(* Fix a hyperedge j containing i. Whatever the history up to step n, j gives its
   ball to i at step n + 1 with probability B_i(n) / sum_(v in j) B_v(n), which is
   at least 1 / (N_0 + n N) because B_i(n) >= 1 and the urn holds exactly N_0 + n N
   balls after n steps. Hence the probability that j never picks i between step
   n0 + 1 and step n is at most prod_(n0 <= s < n) (1 - 1 / (N_0 + s N)), which
   tends to 0 since the harmonic series diverges. So almost surely j picks i
   infinitely often, and the nondecreasing B_i(n) tends to infinity. *)

From HB Require Import structures.
From mathcomp Require Import all_boot all_order all_algebra.
From mathcomp Require Import all_classical all_reals all_analysis.
From mathcomp Require Import zify lra.
Import Order.TTheory GRing.Theory Num.Theory.
Local Open Scope classical_set_scope.
Local Open Scope ring_scope.
Set Implicit Arguments. Unset Strict Implicit. Unset Printing Implicit Defensive.

Lemma harmonic_sum_unbounded (R : realType) (L : R) :
  exists k, L < \sum_(s < k) (s.+1%:R)^-1.
Proof.
apply: contrapT => /forallNP bounded; apply: (@dvg_harmonic R).
apply: nondecreasing_is_cvgn.
  by apply: nondecreasing_series => n _ _; exact: harmonic_ge0.
exists L => _ [k _ <-]; rewrite /series /= big_mkord.
by have /negP := bounded k; rewrite -leNgt.
Qed.

Lemma sum_inv_linear_unbounded (R : realType) (a b : nat) (L : R) :
  (0 < a)%N -> exists k, L < \sum_(s < k) ((a + s * b)%:R)^-1.
Proof.
move=> a_gt0; have ab_gt0 : (0 < a + b)%N by rewrite addn_gt0 a_gt0.
have [k Lk] := harmonic_sum_unbounded ((a + b)%:R * L : R).
exists k; rewrite -(@ltr_pM2l _ (a + b)%:R) ?ltr0n //.
apply: (lt_le_trans Lk); rewrite mulr_sumr; apply: ler_sum => s _.
rewrite ler_pdivlMr ?ltr0n ?addn_gt0 ?a_gt0 // mulrC ler_pdivrMr ?ltr0n //.
by rewrite -natrM ler_nat; nia.
Qed.

(* Since (1 - x) (1 + S + x) <= 1 + S for x, S >= 0, the weighted quantity
   u k * (1 + \sum_(s < k) x s) is nonincreasing. *)
Lemma contraction_weighted_le (R : realFieldType) (u x : nat -> R) :
  (forall k, 0 <= x k) -> (forall k, 0 <= u k) ->
  (forall k, u k.+1 <= (1 - x k) * u k) ->
  forall k, u k * (1 + \sum_(s < k) x s) <= u 0%N.
Proof.
move=> x_ge0 u_ge0 contr; elim=> [|k IH]; first by rewrite big_ord0 addr0 mulr1.
rewrite big_ord_recr /=; set S := \sum_(s < k) x s in IH *.
have S_ge0 : 0 <= S by apply: sumr_ge0.
apply: le_trans IH.
apply: (le_trans (ler_wpM2r _ (contr k))); first by rewrite addr_ge0 ?addr_ge0.
have uk := u_ge0 k; have xk := x_ge0 k.
have : 0 <= u k * (x k * S) by rewrite !mulr_ge0.
have : 0 <= u k * (x k * x k) by rewrite !mulr_ge0.
nra.
Qed.

Lemma contraction_divergent_small (R : realFieldType) (u x : nat -> R) :
  (forall k, 0 <= x k) -> (forall k, 0 <= u k) ->
  (forall k, u k.+1 <= (1 - x k) * u k) ->
  (forall L, exists k, L < \sum_(s < k) x s) ->
  forall eps, 0 < eps -> exists k, u k <= eps.
Proof.
move=> x_ge0 u_ge0 contr diverge eps eps_gt0.
have [k Sk] := diverge (u 0%N / eps); exists k.
have := contraction_weighted_le x_ge0 u_ge0 contr k.
set S := \sum_(s < k) x s in Sk *.
have u0_lt : u 0%N < eps * S by rewrite mulrC -ltr_pdivrMr.
move=> ukS; have uk := u_ge0 k; have u0 := u_ge0 0%N.
have S_ge0 : 0 <= S by apply: sumr_ge0.
rewrite leNgt; apply/negP => epsu; nra.
Qed.

Lemma sum_card_fibers (T U : finType) (f : T -> U) :
  (\sum_(y : U) #|[set x | f x == y]%SET| = #|T|)%N.
Proof.
rewrite -sum1_card (partition_big f xpredT) //=.
by apply: eq_bigr => y _; rewrite -sum1_card; apply: eq_bigl => x; rewrite inE.
Qed.

Section UrnCounts.
Variables (m N : nat) (B0 : {ffun 'I_m -> nat}).
Local Notation F := {ffun 'I_N -> 'I_m}.

Lemma urnB_ext (c c' : nat -> F) n :
  (forall s, (s < n)%N -> c s = c' s) -> urnB B0 c n = urnB B0 c' n.
Proof.
by move=> cc'; apply/funext => i; congr addn; apply: eq_bigr => s _; rewrite cc'.
Qed.

Lemma urnBS (c : nat -> F) n i :
  urnB B0 c n.+1 i = (urnB B0 c n i + #|[set j | c n j == i]%SET|)%N.
Proof. by rewrite /urnB big_ord_recr /= addnA. Qed.

Lemma urnB_nondecreasing (c : nat -> F) i :
  {homo urnB B0 c ^~ i : n n' / (n <= n')%N}.
Proof.
move=> n n' /subnK <-; elim: (n' - n)%N => [|k IH] //.
by rewrite addSn urnBS (leq_trans IH) ?leq_addr.
Qed.

Lemma sum_urnB (c : nat -> F) n :
  (\sum_v urnB B0 c n v = \sum_v B0 v + n * N)%N.
Proof.
rewrite /urnB big_split /= exchange_big /=; congr addn.
under eq_bigr do rewrite sum_card_fibers card_ord.
by rewrite sum_nat_const card_ord.
Qed.

Lemma urnB_unbounded (c : nat -> F) i j :
  (forall n0, exists2 s, (n0 <= s)%N & c s j = i) ->
  forall M, exists n0, forall n, (n0 <= n)%N -> (M <= urnB B0 c n i)%N.
Proof.
move=> often; suff reach M : exists n0, (M <= urnB B0 c n0 i)%N.
  move=> M; have [n0 Mn0] := reach M; exists n0 => n n0n.
  exact: leq_trans Mn0 (urnB_nondecreasing c i n0n).
elim: M => [|M [n0 Mn0]]; first by exists 0%N.
have [s n0s csj] := often n0; exists s.+1; rewrite urnBS.
have picked : (0 < #|[set j' | c s j' == i]%SET|)%N.
  by apply/card_gt0P; exists j; rewrite inE csj.
by rewrite -addn1 leq_add // (leq_trans Mn0) ?(urnB_nondecreasing c i n0s).
Qed.
End UrnCounts.

Section StepProb.
Variables (R : realType) (m N : nat) (e : 'I_N -> {set 'I_m}).
Hypothesis e_neq0 : forall j, e j != finset.set0.
Variable b : 'I_m -> nat.
Hypothesis b_gt0 : forall v, (0 < b v)%N.

Lemma edge_sum_gt0 j : (0 < \sum_(v in e j) b v)%N.
Proof.
have /set0Pn[v vj] := e_neq0 j.
by rewrite (bigD1 v) //= (leq_trans (b_gt0 v)) ?leq_addr.
Qed.

Definition edge_share j v : R :=
  if v \in e j then (b v)%:R / (\sum_(w in e j) b w)%:R else 0.

Lemma sum_edge_share j : \sum_v edge_share j v = 1.
Proof.
rewrite -big_mkcond /= -mulr_suml -natr_sum divff //.
by rewrite pnatr_eq0 -lt0n edge_sum_gt0.
Qed.

Lemma stepProb_ge0 c : 0 <= stepProb R e b c.
Proof. by apply: prodr_ge0 => j _; rewrite /edge_share; case: ifP. Qed.

Lemma sum_stepProb_avoid i j0 : i \in e j0 ->
  \sum_(c : {ffun 'I_N -> 'I_m} | c j0 != i) stepProb R e b c
    = 1 - (b i)%:R / (\sum_(v in e j0) b v)%:R.
Proof.
move=> ij0.
(* [stepProb R e b c] unfolds to [\prod_j edge_share j (c j)]. *)
pose share' j v := if (j == j0) && (v == i) then 0 else edge_share j v.
transitivity (\sum_(c : {ffun 'I_N -> 'I_m}) \prod_j share' j (c j)).
  rewrite big_mkcond; apply: eq_bigr => c _.
  have [cj0|cj0] /= := eqVneq (c j0) i.
    by rewrite (bigD1 j0) //= /share' eqxx cj0 eqxx mul0r.
  apply: eq_bigr => j _; rewrite /share'.
  by case: eqVneq => [->|]; rewrite ?(negbTE cj0).
rewrite -(bigA_distr_bigA (R := R)) /= (bigD1 j0) //= [X in _ * X]big1 ?mulr1; last first.
  by move=> j /negbTE jj0; rewrite /share' jj0 sum_edge_share.
rewrite (bigD1 i) //= /share' !eqxx /= add0r.
have share1 := sum_edge_share j0.
rewrite (bigD1 i) //= {1}/edge_share ij0 in share1.
rewrite -[X in _ = X - _]share1 addrAC subrr add0r.
by apply: eq_bigr => v /negbTE vi; rewrite vi.
Qed.

End StepProb.
(* Let $\Gamma$ be a geometrically finite Fuchsian group such that $\infty\notin\widehat{\mathbb{R}}_{\mathrm{st}}$. Suppose $\Gamma$ is not conjugate in $\mathrm{PSL}_2(\mathbb{R})$ to any group generated by $z\mapsto -1/z$ and $z\mapsto \lambda z$ with $\lambda>1$, and suppose $\Lambda(\Gamma)$ consists of more than one point. For $g\in\Gamma\setminus\Gamma_\infty$ let $\mathscr{W}(g)\subseteq\mathbb{R}$ be the open interval whose endpoints are the two endpoints in $\mathbb{R}$ of the isometric sphere $\mathrm{I}(g)$. Then for every $g\in\Gamma\setminus\Gamma_\infty$ we have $\mathscr{W}(g)\cap\Lambda(\Gamma)\neq\varnothing$.
   Context: A Fuchsian group is a discrete subgroup of $\mathrm{PSL}_2(\mathbb{R})$ acting on the upper half-plane $\mathbb{H}$ and on $\widehat{\mathbb{R}}=\mathbb{R}\cup\{\infty\}$ by linear fractional transformations. $\Lambda(\Gamma)$ is its limit set and $\widehat{\mathbb{R}}_{\mathrm{st}}$ is $\Lambda(\Gamma)$ with all parabolic fixed points of $\Gamma$ removed. $\Gamma_\infty$ denotes the stabilizer of $\infty$ in $\Gamma$ (trivial or generated by a parabolic translation $z\mapsto z+\lambda$, under the assumption $\infty\notin\widehat{\mathbb{R}}_{\mathrm{st}}$). For $g=\begin{bmatrix}a&b\\c&d\end{bmatrix}\in\Gamma\setminus\Gamma_\infty$ (so $c\ne0$), the isometric sphere is $\mathrm{I}(g)=\{z\in\mathbb{H}: |z+\tfrac{d}{c}|=\tfrac{1}{|c|}\}$; thus $\mathscr{W}(g)=(-\tfrac dc-\tfrac1{|c|},\,-\tfrac dc+\tfrac1{|c|})$. *)

From Stdlib Require Import Reals Lra List.
Open Scope R_scope.

(* 2x2 real matrices; SL2(R) = those with det 1. A subgroup of PSL2(R) is
   represented by its full preimage in SL2(R) (a subgroup containing -I). *)
Record mat := Mat { ma : R; mb : R; mc : R; md : R }.

Definition det (g : mat) : R := ma g * md g - mb g * mc g.
Definition mul (g h : mat) : mat :=
  Mat (ma g * ma h + mb g * mc h) (ma g * mb h + mb g * md h)
      (mc g * ma h + md g * mc h) (mc g * mb h + md g * md h).
Definition inv (g : mat) : mat := Mat (md g) (- mb g) (- mc g) (ma g).
Definition Id2 : mat := Mat 1 0 0 1.
Definition negId2 : mat := Mat (-1) 0 0 (-1).
Definition neg (g : mat) : mat := Mat (- ma g) (- mb g) (- mc g) (- md g).

Definition Fuchsian (G : mat -> Prop) : Prop :=
  (forall g, G g -> det g = 1) /\
  G Id2 /\
  (forall g h, G g -> G h -> G (mul g h)) /\
  (forall g, G g -> G (inv g)) /\
  (forall g, G g -> G (neg g)) /\
  (exists eps, 0 < eps /\ forall g, G g ->
      Rabs (ma g - 1) < eps -> Rabs (mb g) < eps ->
      Rabs (mc g) < eps -> Rabs (md g - 1) < eps -> g = Id2).

(* Points of the upper half-plane: (x, y) = x + i y with y > 0. *)
Definition inH (z : R * R) : Prop := 0 < snd z.

Definition act (g : mat) (z : R * R) : R * R :=
  let x := fst z in let y := snd z in
  let n := (mc g * x + md g)^2 + (mc g * y)^2 in
  ((ma g * mc g * (x^2 + y^2) + (ma g * md g + mb g * mc g) * x + mb g * md g) / n,
   y / n).
Lemma H_TA_lt_TB j : (S j < m)%nat -> H (TA_start j) < H (TB_start (S j)).
Proof.
  intros Hj. pose proof (inA_start j ltac:(lia)) as HA. pose proof (inB_start (S j) Hj) as HB.
  apply (H_separates _ _ _ _ (TA_start_in01 j ltac:(lia)) (TB_start_in01 (S j) Hj)
           (inA_in01 j _ HA) (inB_in01 (S j) _ HB)).
  - unfold TA_start, TB_start. simpl. pose proof (a_pos j ltac:(lia)). lra.
  - apply T_A_start. lia.
  - apply T_B_start. auto.
  - rewrite (chiB_A j _ HA), (chiB_B (S j) _ HB). lra.
Qed.

Lemma H_TB_lt_TA j : (0 < j < m)%nat -> H (TB_start j) < H (TA_start j).
Proof.
  intros Hj. pose proof (inA_start j ltac:(lia)) as HA. pose proof (inB_start j ltac:(lia)) as HB.
  apply (H_separates _ _ _ _ (TB_start_in01 j ltac:(lia)) (TA_start_in01 j ltac:(lia))
           (inB_in01 j _ HB) (inA_in01 j _ HA)).
  - unfold TA_start, TB_start. simpl. pose proof (b_pos j ltac:(lia)). lra.
  - apply T_B_start. lia.
  - apply T_A_start. lia.
  - rewrite (chiB_A j _ HA), (chiB_B j _ HB). lra.
Qed.

Lemma threshold_incr k : (S k < N)%nat -> threshold k < threshold (S k).
Proof.
  intros Hk. destruct (Nat.Even_or_Odd k) as [[j ->]|[j ->]].
  - rewrite threshold_even, threshold_odd. apply H_TA_lt_TB. lia.
  - replace (S (2 * j + 1)) with (2 * S j)%nat by lia.
    replace (2 * j + 1)%nat with (S (2 * j)) by lia.
    rewrite threshold_even, threshold_odd. apply H_TB_lt_TA. lia.
Qed.
(** * Asymptotics *)

Lemma ln_le_sub_1 (z : R) : 0 < z -> ln z <= z - 1.
Proof. intros Hz. pose proof (exp_ineq1_le (ln z)). rewrite exp_ln in H by exact Hz. lra. Qed.

Lemma ln_succ_sub_ln_bounds (y : R) : 0 < y -> / (y + 1) <= ln (y + 1) - ln y <= / y.
Proof.
  intros Hy. split.
  - pose proof (ln_le_sub_1 (y / (y + 1)) ltac:(apply Rdiv_lt_0_compat; lra)) as H.
    rewrite ln_div in H by lra. replace (y / (y + 1) - 1) with (- / (y + 1)) in H by (field; lra).
    lra.
  - pose proof (ln_le_sub_1 ((y + 1) / y) ltac:(apply Rdiv_lt_0_compat; lra)) as H.
    rewrite ln_div in H by lra. replace ((y + 1) / y - 1) with (/ y) in H by (field; lra).
    exact H.
Qed.

Lemma harmonic_ge_ln_succ (n : nat) : ln (INR n + 1) <= harmonic n.
Proof.
  induction n as [| n IH].
  - simpl. rewrite Rplus_0_l, ln_1. lra.
  - change (harmonic (S n)) with (harmonic n + / INR (S n)). rewrite S_INR.
    pose proof (ln_succ_sub_ln_bounds (INR n + 1) ltac:(pose proof (pos_INR n); lra)). lra.
Qed.

Lemma harmonic_sub_ln_lim : is_lim_seq (fun n => harmonic n - ln (INR n)) euler_gamma.
Proof.
  set (u := fun n => harmonic (S n) - ln (INR (S n))).
  assert (Hdecr : forall n, u (S n) <= u n).
  { intros n. unfold u. change (harmonic (S (S n))) with (harmonic (S n) + / INR (S (S n))).
    rewrite (S_INR (S n)).
    pose proof (ln_succ_sub_ln_bounds (INR (S n)) (lt_0_INR _ (Nat.lt_0_succ n))). lra. }
  assert (Hpos : forall n, 0 <= u n).
  { intros n. unfold u. rewrite S_INR.
    pose proof (harmonic_ge_ln_succ (S n)) as Hharm. rewrite S_INR in Hharm.
    pose proof (pos_INR n).
    assert (ln (INR n + 1) < ln (INR n + 1 + 1)) by (apply ln_increasing; lra). lra. }
  destruct (ex_finite_lim_seq_decr u 0 Hdecr Hpos) as [l Hl].
  assert (H : is_lim_seq (fun n => harmonic n - ln (INR n)) l) by (apply is_lim_seq_incr_1, Hl).
  unfold euler_gamma. rewrite (is_lim_seq_unique _ _ H). exact H.
Qed.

--- What you are asked to do ---
Take each line of the material that contains the word "mathcomp" and list it.

--- Exercise response ---
From mathcomp Require Import all_boot all_order all_algebra.
From mathcomp Require Import all_classical all_reals all_analysis.
From mathcomp Require Import zify lra.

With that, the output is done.